Throughout the listing below, show every line in which "Hdrop" occurs.

# Record set:
━━━
(* Let $(x,y,z)(\eta_1)$ be a trajectory of system (S2) such that there is $\eta_{1,*}\in\mathbb{R}$ with $x(\eta_{1,*})>0$, $z(\eta_{1,*})>0$ and $$-\frac{\sigma+2}{p-m}<y(\eta_1)<0\qquad\text{for all }\eta_1>\eta_{1,*}.$$ Then, in the variables $(X,Y,Z)=(1/x,y/x,z/x)$, the trajectory converges as $\eta_1\to\infty$ either to $P_1=(0,0,0)$ or to $P_{\gamma_0}=(0,0,\gamma_0)$, where $\gamma_0=\frac{1}{\alpha(p-1)}$.
   Context: Let $N\geq1$, $m>1$, $\sigma>0$, $p>m$, $L=\sigma(m-1)+2(p-1)$, $\alpha=(\sigma+2)/L$. System (S2) is $$\dot x=x(2-(m-1)y),\quad \dot y=-x-(N-2)y+z-my^2-\tfrac{p-m}{\sigma+2}xy,\quad \dot z=z(\sigma+2+(p-m)y),$$ and under $X=1/x$, $Y=y/x$, $Z=z/x$ it is equivalent (up to time change) to system (S1): $$\dot X=X[(m-1)Y-2X],\quad \dot Y=-Y^2-\tfrac{p-m}{\sigma+2}Y-X-NXY+XZ,\quad \dot Z=Z[(p-1)Y+\sigma X].$$ *)

From Stdlib Require Import Reals.
From Coquelicot Require Import Coquelicot.
Open Scope R_scope.

Definition S2_x (m : R) (x y z : R) : R := x * (2 - (m - 1) * y).
Definition S2_y (N m sigma p : R) (x y z : R) : R :=
  - x - (N - 2) * y + z - m * y ^ 2 - (p - m) / (sigma + 2) * x * y.
Definition S2_z (m sigma p : R) (x y z : R) : R :=
  z * (sigma + 2 + (p - m) * y).

Definition solves_S2_at (N m sigma p : R) (x y z : R -> R) (t : R) : Prop :=
  is_derive x t (S2_x m (x t) (y t) (z t)) /\
  is_derive y t (S2_y N m sigma p (x t) (y t) (z t)) /\
  is_derive z t (S2_z m sigma p (x t) (y t) (z t)).

Definition L_const (m sigma p : R) : R := sigma * (m - 1) + 2 * (p - 1).
Definition alpha_const (m sigma p : R) : R := (sigma + 2) / L_const m sigma p.
Definition gamma0 (m sigma p : R) : R := 1 / (alpha_const m sigma p * (p - 1)).

From Stdlib Require Import Reals Lra Psatz Classical.
From Coquelicot Require Import Coquelicot.
Open Scope R_scope.

(** Along the trajectory [y] stays in [(-(sigma+2)/(p-m), 0)], so [x' >= 2 x]
    forces [x -> oo], whence [X = 1/x -> 0] and [Y = y/x -> 0].  The ratio
    [Z = z/x] satisfies [Z' = Z (sigma + (p-1) y)].  With [c = (p-m)/(sigma+2)],
    the defect [G = Z - 1 - c y] obeys [G' = -(c x - sigma - (p-1) y) G + K]
    with [K] bounded, so the damping [c x -> oo] drives [G -> 0].  Since
    [sigma = k (1 - gamma0)] for [k = (p-1)/c], this turns the equation for [Z]
    into the perturbed logistic equation [Z' = k Z (Z - gamma0 - G)]: either [Z]
    drops below [gamma0] once [G] is small, and then decays to [0], or it tends
    to [gamma0] (it cannot stay above [gamma0], being bounded by [1 + G]). *)

Lemma is_lim_p_infty_Rabs (f : R -> R) (l : R) :
  is_lim f p_infty l <->
  forall eps, 0 < eps -> exists T, forall t, T <= t -> Rabs (f t - l) < eps.
Proof.
  rewrite <- is_lim_spec; split.
  - intros H eps Heps. destruct (H (mkposreal eps Heps)) as [T HT].
    exists (T + 1). intros t Ht. apply HT. lra.
  - intros H eps. destruct (H eps (cond_pos eps)) as [T HT].
    exists T. intros t Ht. apply HT. lra.
Qed.

Lemma is_lim_p_infty_p_infty (f : R -> R) :
  is_lim f p_infty p_infty <-> forall B, exists T, forall t, T <= t -> B < f t.
Proof.
  rewrite <- is_lim_spec; split.
  - intros H B. destruct (H B) as [T HT]. exists (T + 1). intros t Ht. apply HT. lra.
  - intros H B. destruct (H B) as [T HT]. exists T. intros t Ht. apply HT. lra.
Qed.

Lemma continuity_pt_is_derive (f : R -> R) (t l : R) :
  is_derive f t l -> continuity_pt f t.
Proof.
  intros H. apply derivable_continuous_pt. exists l. now apply is_derive_Reals.
Qed.

Lemma MVT_is_derive (f df : R -> R) (a b : R) : a < b ->
  (forall t, a <= t <= b -> is_derive f t (df t)) ->
  exists c, a < c < b /\ f b - f a = df c * (b - a).
Proof.
  intros Hab Hd. destruct (MVT_cor2 f df a b Hab) as [c [Hc1 Hc2]].
  - intros c Hc. now apply is_derive_Reals, Hd.
  - now exists c.
Qed.

Lemma affine_le_of_derive_ge (f df : R -> R) (a b d : R) : a <= b ->
  (forall t, a <= t <= b -> is_derive f t (df t)) ->
  (forall t, a < t < b -> d <= df t) ->
  f a + d * (b - a) <= f b.
Proof.
  intros Hab Hd Hge. destruct (Req_dec a b) as [<-|Hne]; [lra|].
  destruct (MVT_is_derive f df a b) as [c [Hc Heq]]; [lra|exact Hd|].
  pose proof (Hge c Hc). nra.
Qed.

Lemma le_affine_of_derive_le (f df : R -> R) (a b d : R) : a <= b ->
  (forall t, a <= t <= b -> is_derive f t (df t)) ->
  (forall t, a < t < b -> df t <= d) ->
  f b <= f a + d * (b - a).
Proof.
  intros Hab Hd Hle. destruct (Req_dec a b) as [<-|Hne]; [lra|].
  destruct (MVT_is_derive f df a b) as [c [Hc Heq]]; [lra|exact Hd|].
  pose proof (Hle c Hc). nra.
Qed.

Lemma continuity_pt_lt_near (f : R -> R) (s th : R) :
  continuity_pt f s -> f s < th ->
  exists e, 0 < e /\ forall u, Rabs (u - s) < e -> f u < th.
Proof.
  intros Hc Hlt.
  destruct (proj1 (continuity_pt_locally f s) Hc (mkposreal (th - f s) ltac:(lra)))
    as [e He].
  exists e. split; [apply cond_pos|]. intros u Hu.
  specialize (He u Hu). simpl in He. apply Rabs_def2 in He. lra.
Qed.

Lemma first_crossing (f : R -> R) (a b th : R) : a < b ->
  (forall t, a <= t <= b -> continuity_pt f t) -> f a < th -> th <= f b ->
  exists s, a < s <= b /\ f s = th /\ forall r, a <= r < s -> f r < th.
Proof.
  intros Hab Hc Ha Hb.
  set (E t := a <= t <= b /\ forall r, a <= r <= t -> f r < th).
  assert (Ea : E a) by (split; [lra| intros r Hr; now replace r with a by lra]).
  destruct (completeness E) as [s [Hub Hlub]].
  { exists b. intros t [Ht _]. lra. }
  { now exists a. }
  assert (Has : a <= s) by now apply Hub.
  assert (Hsb : s <= b) by (apply Hlub; intros t [Ht _]; lra).
  assert (Hbelow : forall r, a <= r < s -> f r < th).
  { intros r Hr. apply NNPP. intros Hn. assert (s <= r); [|lra].
    apply Hlub. intros t [Ht Hft]. apply Rnot_lt_le. intros Hrt. apply Hn, Hft. lra. }
  assert (Hfs_ge : th <= f s).
  { apply Rnot_lt_le. intros Hlt.
    destruct (continuity_pt_lt_near f s th (Hc s (conj Has Hsb)) Hlt) as [e [He Hnear]].
    destruct (Req_dec s b) as [->|Hne]; [lra|].
    set (t := Rmin b (s + e / 2)).
    assert (Ht : s < t <= s + e / 2) by (split; [apply Rmin_glb_lt|apply Rmin_r]; lra).
    assert (E t).
    { split; [split; [lra|apply Rmin_l]|]. intros r Hr.
      destruct (Rlt_le_dec r s); [apply Hbelow; lra|].
      apply Hnear, Rabs_def1; lra. }
    apply Hub in H. lra. }
  assert (Has' : a < s) by (destruct (Req_dec a s) as [<-|]; lra).
  assert (Hfs_le : f s <= th).
  { apply Rnot_lt_le. intros Hlt.
    destruct (continuity_pt_lt_near (fun u => - f u) s (- th)) as [e [He Hnear]].
    { now apply continuity_pt_opp, Hc. }
    { lra. }
    set (r := Rmax a (s - e / 2)).
    assert (Hr : s - e / 2 <= r < s) by (split; [apply Rmax_r|apply Rmax_lub_lt]; lra).
    pose proof (Hbelow r (conj (Rmax_l _ _) (proj2 Hr))).
    assert (- f r < - th) by (apply Hnear, Rabs_def1; lra). lra. }
  exists s. repeat split; auto; lra.
Qed.

Lemma is_derive_neg_left (f : R -> R) (s d : R) : is_derive f s d -> d < 0 ->
  exists e, 0 < e /\ forall u, s - e < u < s -> f s < f u.
Proof.
  intros Hd Hneg. apply is_derive_Reals in Hd.
  destruct (Hd (- d / 2) ltac:(lra)) as [e He].
  exists e. split; [apply cond_pos|]. intros u Hu.
  assert (Hh : u - s <> 0) by lra.
  assert (Habs : Rabs (u - s) < e) by (apply Rabs_def1; lra).
  specialize (He (u - s) Hh Habs). replace (s + (u - s)) with u in He by ring.
  apply Rabs_def2 in He.
  assert (Hq : f u - f s = (f u - f s) / (u - s) * (u - s)) by (field; lra).
  nra.
Qed.

Lemma stays_below (f df : R -> R) (a th : R) :
  (forall t, a <= t -> is_derive f t (df t)) ->
  (forall t, a <= t -> f t = th -> df t < 0) ->
  forall t0, a <= t0 -> f t0 < th -> forall t, t0 <= t -> f t < th.
Proof.
  intros Hd Hcross t0 Ht0 Hf0 t Ht. apply Rnot_le_lt. intros Hge.
  assert (Ht0t : t0 < t) by (destruct (Req_dec t0 t) as [<-|]; lra).
  destruct (first_crossing f t0 t th Ht0t) as [s [Hs [Hfs Hbefore]]]; auto.
  { intros u Hu. apply (continuity_pt_is_derive f u (df u)), Hd. lra. }
  destruct (is_derive_neg_left f s (df s)) as [e [He Hleft]].
  { apply Hd. lra. }
  { apply Hcross; lra. }
  set (u := Rmax t0 (s - e / 2)).
  assert (Hu : s - e / 2 <= u < s) by (split; [apply Rmax_r|apply Rmax_lub_lt]; lra).
  pose proof (Hleft u ltac:(lra)). pose proof (Hbefore u (conj (Rmax_l _ _) (proj2 Hu))).
  lra.
Qed.

Lemma stays_above (f df : R -> R) (a th : R) :
  (forall t, a <= t -> is_derive f t (df t)) ->
  (forall t, a <= t -> f t = th -> 0 < df t) ->
  forall t0, a <= t0 -> th < f t0 -> forall t, t0 <= t -> th < f t.
Proof.
  intros Hd Hcross t0 Ht0 Hf0 t Ht.
  enough (- f t < - th) by lra.
  apply (stays_below (fun u => - f u) (fun u => - df u) a (- th)) with t0; auto; try lra.
  - intros u Hu. apply (is_derive_opp f u (df u)), Hd, Hu.
  - intros u Hu Hfu. enough (0 < df u) by lra. apply Hcross; auto. lra.
Qed.

Lemma eventually_below (f df : R -> R) (a th d : R) : 0 < d ->
  (forall t, a <= t -> is_derive f t (df t)) ->
  (forall t, a <= t -> th <= f t -> df t <= - d) ->
  exists T, forall t, T <= t -> f t < th.
Proof.
  intros Hpos Hd Hdecr.
  set (T := a + (Rabs (f a - th) + 1) / d).
  assert (HTa : (T - a) * d = Rabs (f a - th) + 1) by (unfold T; field; lra).
  assert (HaT : a <= T) by (pose proof (Rabs_pos (f a - th)); nra).
  assert (Hdrop : exists t0, a <= t0 <= T /\ f t0 < th).
  { apply NNPP. intros Hn.
    assert (Habove : forall t, a <= t <= T -> th <= f t).
    { intros t Ht. apply Rnot_lt_le. intros Hlt. apply Hn. now exists t. }
    pose proof (Habove T ltac:(lra)). pose proof (Rle_abs (f a - th)).
    enough (f T <= f a + - d * (T - a)) by nra.
    apply (le_affine_of_derive_le f df); auto.
    - intros t Ht. apply Hd. lra.
    - intros t Ht. apply Hdecr, Habove; lra. }
  destruct Hdrop as [t0 [Ht0 Hf0]].
  exists T. intros t Ht. apply (stays_below f df a th Hd) with t0; try lra.
  intros u Hu Hfu. pose proof (Hdecr u Hu ltac:(lra)). lra.
Qed.

Lemma pos_of_is_derive_mul (f g : R -> R) (a : R) :
  (forall t, a <= t -> is_derive f t (f t * g t)) ->
  (forall t, a < t -> 0 <= g t) -> 0 < f a ->
  forall t, a <= t -> 0 < f t.
Proof.
  intros Hd Hg Ha t Ht. apply Rnot_le_lt. intros Hle.
  assert (Hat : a < t) by (destruct (Req_dec a t) as [<-|]; lra).
  destruct (first_crossing (fun u => - f u) a t 0 Hat) as [s [Hs [Hfs Hbefore]]];
    try lra.
  { intros u Hu. apply continuity_pt_opp, (continuity_pt_is_derive f u (f u * g u)), Hd.
    lra. }
  destruct (MVT_is_derive f (fun u => f u * g u) a s) as [c [Hc Heq]]; [lra| |].
  { intros u Hu. apply Hd. lra. }
  pose proof (Hbefore c ltac:(lra)). pose proof (Hg c ltac:(lra)).
  assert (0 <= f c * g c * (s - a)) by (apply Rmult_le_pos; [apply Rmult_le_pos|]; lra).
  lra.
Qed.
━━━
# Exercise response:
  assert (Hdrop : exists t0, a <= t0 <= T /\ f t0 < th).
  destruct Hdrop as [t0 [Ht0 Hf0]].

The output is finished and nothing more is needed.